Congenital lipoid adrenal hyperplasia (LCAH) is a disorder characterized by deficiency of all steroid hormones produced by the adrenal glands and gonads due to dysfunction of steroidogenic acute regulatory protein (StAR), with hyperplasia of steroidogenic cells and accumulation of lipid droplets in the cytoplasm. In 46,XY individuals, this condition is also classified as a disorder of sex development that can manifest with atypical external genitalia. In Japan, it is the second most common form of congenital adrenal hyperplasia after 21-hydroxylase deficiency, accounting for approximately 4% of cases.

2. Etiology

LCAH is an autosomal recessive disorder caused by biallelic loss-of-function pathogenic variants in the STAR gene encoding StAR. Because the p.Glu258* variant in the STAR gene has a founder effect in East Asia, this condition is common in Japanese, Korean, and Chinese populations, and very rare in Caucasians.

3. Pathophysiology

StAR is strongly expressed in all steroidogenic cells of the adrenal glands and gonads. StAR transfers cholesterol from the outer to the inner mitochondrial membrane in response to demand for steroid hormones. This supply of cholesterol to the inner mitochondrial membrane is the rate-limiting step common to all steroid hormone biosynthesis. The primary pathophysiology of LCAH is the inability to rapidly supply cholesterol to the inner mitochondrial membrane, preventing production of steroid hormones commensurate with demand. Under stimulation by trophic hormones, steroidogenic cells of the adrenal glands and gonads show hyperplasia and accumulate lipid droplets in the cytoplasm, primarily consisting of cholesterol esters.
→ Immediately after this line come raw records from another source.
(* Let $\varphi$ be an endomorphism of $F_n$ and $K=\max\{|a\varphi|: a\in A\cup A^{-1}\}$. If $\varphi$ is almost length-increasing, then $|u\varphi|\geq|u|-K$ for every $u\in F_n$.
   Context: $F_n$ is the free group on a finite basis $A$; elements are reduced words over $A\cup A^{-1}$ and $|u|$ is the length; maps are written on the right. An endomorphism $\varphi$ is almost length-increasing if $|u\varphi|<|u|$ for only finitely many $u\in F_n$. *)

From mathcomp Require Import all_boot.
Set Implicit Arguments. Unset Strict Implicit. Unset Printing Implicit Defensive.

(* A letter is (a, true) = a
   or (a, false) = a^-1.  Elements of F_n are reduced words (seq of letters
   with no factor x x^-1); the length |u| is the size of the word. *)
Section FreeGroup.
Variable A : finType.

Definition letter := (A * bool)%type.
Definition word := seq letter.

Definition linv (x : letter) : letter := (x.1, ~~ x.2).

Definition winv (u : word) : word := rev (map linv u).

Fixpoint reduced (u : word) : bool :=
  match u with
  | x :: ((y :: _) as t) => (y != linv x) && reduced t
  | _ => true
  end.

Definition reduce (u : word) : word :=
  foldr (fun x acc => match acc with
                      | y :: t => if y == linv x then t else x :: acc
                      | [::] => [:: x]
                      end) [::] u.

(* The endomorphism of F_n determined by the images g a (reduced words) of the
   basis elements a: u phi = reduce of the concatenation of the images of the
   letters of u (maps written on the right). *)
Definition limg (g : A -> word) (x : letter) : word :=
  if x.2 then g x.1 else winv (g x.1).

Definition endo (g : A -> word) (u : word) : word :=
  reduce (flatten (map (limg g) u)).

Definition Kmax (g : A -> word) : nat :=
  \max_(x : letter) size (endo g [:: x]).

Definition almost_length_increasing (g : A -> word) : Prop :=
  exists s : seq word, forall u : word,
    reduced u -> size (endo g u) < size u -> u \in s.

End FreeGroup.

(* If [|w phi| < |w|] for a cyclically reduced [w], then all powers [w^k] are
   reduced and, by subadditivity of [|_ phi|], still satisfy
   [|w^k phi| <= k |w phi| < k |w| = |w^k|]: infinitely many exceptions.  So
   [phi] does not shorten cyclically reduced words.  An arbitrary reduced [u]
   becomes cyclically reduced after appending at most one letter [y], which
   costs at most [K] in [|u y phi| <= |u phi| + K]. *)

From mathcomp Require Import all_boot.
Set Implicit Arguments. Unset Strict Implicit. Unset Printing Implicit Defensive.

Lemma size_mem_le_sumn (T : eqType) (v : seq T) (s : seq (seq T)) :
  v \in s -> size v <= sumn (map size s).
Proof.
elim: s => //= w s IHs; rewrite in_cons => /predU1P[->|/IHs]; first exact: leq_addr.
by move/leq_trans; apply; apply: leq_addl.
Qed.

Section FreeReduction.
Variable A : finType.
Implicit Types (x y : letter A) (w p q : word A).

Lemma linvK : involutive (@linv A).
Proof. by case=> a b; rewrite /linv /= negbK. Qed.

Lemma linv_inj : injective (@linv A).
Proof. exact: inv_inj linvK. Qed.

Lemma linv_neq x : linv x != x.
Proof. by case: x => a b; rewrite /linv /= xpair_eqE eqxx /=; case: b. Qed.

Definition redcons x w : word A :=
  if w is y :: t then (if y == linv x then t else x :: w) else [:: x].

Lemma reduceE w : reduce w = foldr redcons [::] w.
Proof. by []. Qed.

Lemma reduced_behead y w : reduced (y :: w) -> reduced w.
Proof. by case: w => //= z w /andP[]. Qed.

Lemma reduced_redcons x w : reduced w -> reduced (redcons x w).
Proof.
case: w => //= y t red_yt; case: ifP => y_linv_x //; first exact: reduced_behead red_yt.
by rewrite /= y_linv_x.
Qed.

Lemma reduced_reduce w : reduced (reduce w).
Proof. by rewrite reduceE; elim: w => //= x w; apply: reduced_redcons. Qed.

Lemma redconsK x w : reduced w -> redcons x (redcons (linv x) w) = w.
Proof.
case: w => [|y t] /=; first by rewrite eqxx.
rewrite linvK; case: (eqVneq y x) => [->|y_neq_x] red_yt; last by rewrite /= eqxx.
by case: t red_yt => //= z t /andP[z_neq _]; rewrite (negbTE z_neq).
Qed.

Lemma foldr_redcons_reduce c w :
  reduced c -> foldr redcons c w = foldr redcons c (reduce w).
Proof.
move=> red_c; elim: w => //= x w ->; set r := reduce w.
case: r => // y t /=; case: (eqVneq y (linv x)) => [->|] //=.
have red_t : reduced (foldr redcons c t) by elim: t => //= z t; apply: reduced_redcons.
by rewrite redconsK.
Qed.

Lemma reduce_cat p q : reduce (p ++ q) = foldr redcons (reduce q) (reduce p).
Proof. by rewrite reduceE foldr_cat -reduceE -foldr_redcons_reduce ?reduced_reduce. Qed.

Lemma size_foldr_redcons c w : size (foldr redcons c w) <= size w + size c.
Proof.
have size_redcons x r : size (redcons x r) <= (size r).+1.
  by case: r => //= y t; case: ifP => //= _; apply: leqW.
by elim: w => //= x w IHw; apply: leq_trans (size_redcons _ _) _; rewrite ltnS.
Qed.

Lemma size_reduce_cat p q : size (reduce (p ++ q)) <= size (reduce p) + size (reduce q).
Proof. by rewrite reduce_cat size_foldr_redcons. Qed.

Lemma reduced_cat x p y q :
  reduced (x :: p) -> reduced (y :: q) -> y != linv (last x p) ->
  reduced (x :: p ++ y :: q).
Proof.
elim: p x => [|z p IHp] x; first by move=> /= _ -> ->.
move=> /andP[z_neq red_zp] red_yq y_neq.
by rewrite -[reduced _]/((z != linv x) && reduced (z :: p ++ y :: q)) z_neq IHp.
Qed.

Lemma last_reduced_two_letters x t :
  (forall y, y = x \/ y = linv x) -> reduced (x :: t) -> last x t = x.
Proof.
move=> two_letters; elim: t x two_letters => // z t IHt x two_letters /andP[z_neq red_zt].
have z_eq : z = x by case: (two_letters z) => // z_eq; rewrite z_eq eqxx in z_neq.
by subst z; apply: IHt.
Qed.

Definition cyclically_reduced w :=
  if w is x :: p then reduced w && (x != linv (last x p)) else true.

Definition wpow w k : word A := flatten (nseq k w).

Lemma size_wpow w k : size (wpow w k) = k * size w.
Proof. by elim: k => //= k IHk; rewrite size_cat IHk mulSn. Qed.

Lemma reduced_wpow w k : cyclically_reduced w -> reduced (wpow w k).
Proof.
case: w => [|x p] /=; first by rewrite /wpow; elim: k.
move=> /andP[red_w cyc_w].
suff red_w_wpow k' : reduced ((x :: p) ++ wpow (x :: p) k') by case: k.
by elim: k' => [|k' IHk]; [rewrite cats0 | exact: reduced_cat red_w IHk cyc_w].
Qed.

Lemma cyclically_reduced_extension u :
  reduced u -> exists2 t : word A, size t <= 1 & cyclically_reduced (u ++ t).
Proof.
case: u => [|f p] red_u; first by exists [::].
set l := last f p.
case: (eqVneq f (linv l)) => [f_eq|f_neq]; last by exists [::]; rewrite // cats0; apply/andP.
case: (pickP (fun y => (y != l) && (y != linv l))) => [y /andP[y_neq_l y_neq_linv]|none].
  exists [:: y] => //; apply/andP; split; first by apply: reduced_cat; rewrite /= ?andbT.
  by rewrite last_cat /= f_eq; apply: contra y_neq_l => /eqP/linv_inj->.
(* Over a one-letter basis no third letter [y] exists, and then [u] is a
   power of [f], contradicting [f = linv l]. *)
have two_letters y : y = f \/ y = linv f.
  move: (none y); rewrite f_eq linvK.
  by case: (eqVneq y l) => [|_ /negbT]; [right | rewrite negbK => /eqP; left].
have := last_reduced_two_letters two_letters red_u; rewrite -/l => l_eq.
by move: f_eq; rewrite l_eq => /eqP; rewrite eq_sym (negbTE (linv_neq f)).
Qed.

End FreeReduction.

Section Endomorphism.
Variables (A : finType) (g : A -> word A).
Implicit Types (w u v : word A).

Lemma size_endo_cat u v : size (endo g (u ++ v)) <= size (endo g u) + size (endo g v).
Proof. by rewrite /endo map_cat flatten_cat size_reduce_cat. Qed.

Lemma size_endo_le w : size (endo g w) <= size w * Kmax g.
Proof.
elim: w => // x w IHw; rewrite -cat1s mulSn.
apply: leq_trans (size_endo_cat _ _) (leq_add _ IHw).
exact: (@leq_bigmax _ (fun y => size (endo g [:: y])) x).
Qed.

Lemma size_endo_wpow w k : size (endo g (wpow w k)) <= k * size (endo g w).
Proof.
elim: k => // k IHk; rewrite mulSn.
by apply: leq_trans (size_endo_cat _ _) _; rewrite leq_add2l.
Qed.

Lemma almost_length_increasing_cyclically_reduced w :
  almost_length_increasing g -> cyclically_reduced w -> size w <= size (endo g w).
Proof.
move=> [s exceptions] cyc_w; rewrite leqNgt; apply/negP => shorter.
set k := (sumn (map size s)).+1.
have shorter_pow : size (endo g (wpow w k)) < size (wpow w k).
  by apply: leq_ltn_trans (size_endo_wpow w k) _; rewrite size_wpow ltn_pmul2l.
have := size_mem_le_sumn (exceptions _ (reduced_wpow k cyc_w) shorter_pow).
rewrite size_wpow leqNgt => /negP; apply.
by apply: leq_pmulr; apply: leq_ltn_trans shorter.
Qed.

End Endomorphism.

Theorem mainTheorem12 (A : finType) (g : A -> word A) :
  (forall a : A, reduced (g a)) ->
  almost_length_increasing g ->
  forall u : word A, reduced u -> size u <= size (endo g u) + Kmax g.
Proof.
(* The images [g a] need not be reduced: [endo] reduces anyway. *)
move=> _ ali u red_u.
have [t size_t cyc_ut] := cyclically_reduced_extension red_u.
have ut_long := almost_length_increasing_cyclically_reduced ali cyc_ut.
have endo_ut_short : size (endo g (u ++ t)) <= size (endo g u) + Kmax g.
  apply: leq_trans (size_endo_cat g u t) _; rewrite leq_add2l.
  by apply: leq_trans (size_endo_le g t) _; rewrite -[leqRHS]mul1n leq_mul.
by apply: leq_trans endo_ut_short; apply: leq_trans ut_long; rewrite size_cat leq_addr.
Qed.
Figure 1. Pathophysiology of Lipoid Congenital Adrenal Hyperplasia

Figure 2. Two-Hit Theory Explaining the Pathophysiology of Lipoid Congenital Adrenal Hyperplasia

4. Clinical manifestations

This condition is divided into two phenotypes: classic and non-classic. In Japan, 80% of cases are classic and 20% are non-classic.

1) Classic form:

The classic form is relatively severe, presenting with deficiency of all adrenocortical hormones and developing adrenal insufficiency in the neonatal or early infancy period. In 46,XY cases, the external genitalia are female type. In 90% of 46,XX cases, breast development and menarche occur spontaneously without delay. However, menstrual irregularity often develops subsequently, leading to premature ovarian failure.

2) Non-classic form:

The non-classic form is defined when adrenal insufficiency manifests after age 1 year, mineralocorticoid secretion is preserved, or 46,XY cases have completely male external genitalia. Mild hypergonadotropic hypogonadism is seen in some cases of both sexes.

Table 1. Phenotypes of Lipoid Congenital Adrenal Hyperplasia

5. Diagnosis and testing

1) Diagnostic Flow for Primary Adrenocortical Insufficiency (Figure 3)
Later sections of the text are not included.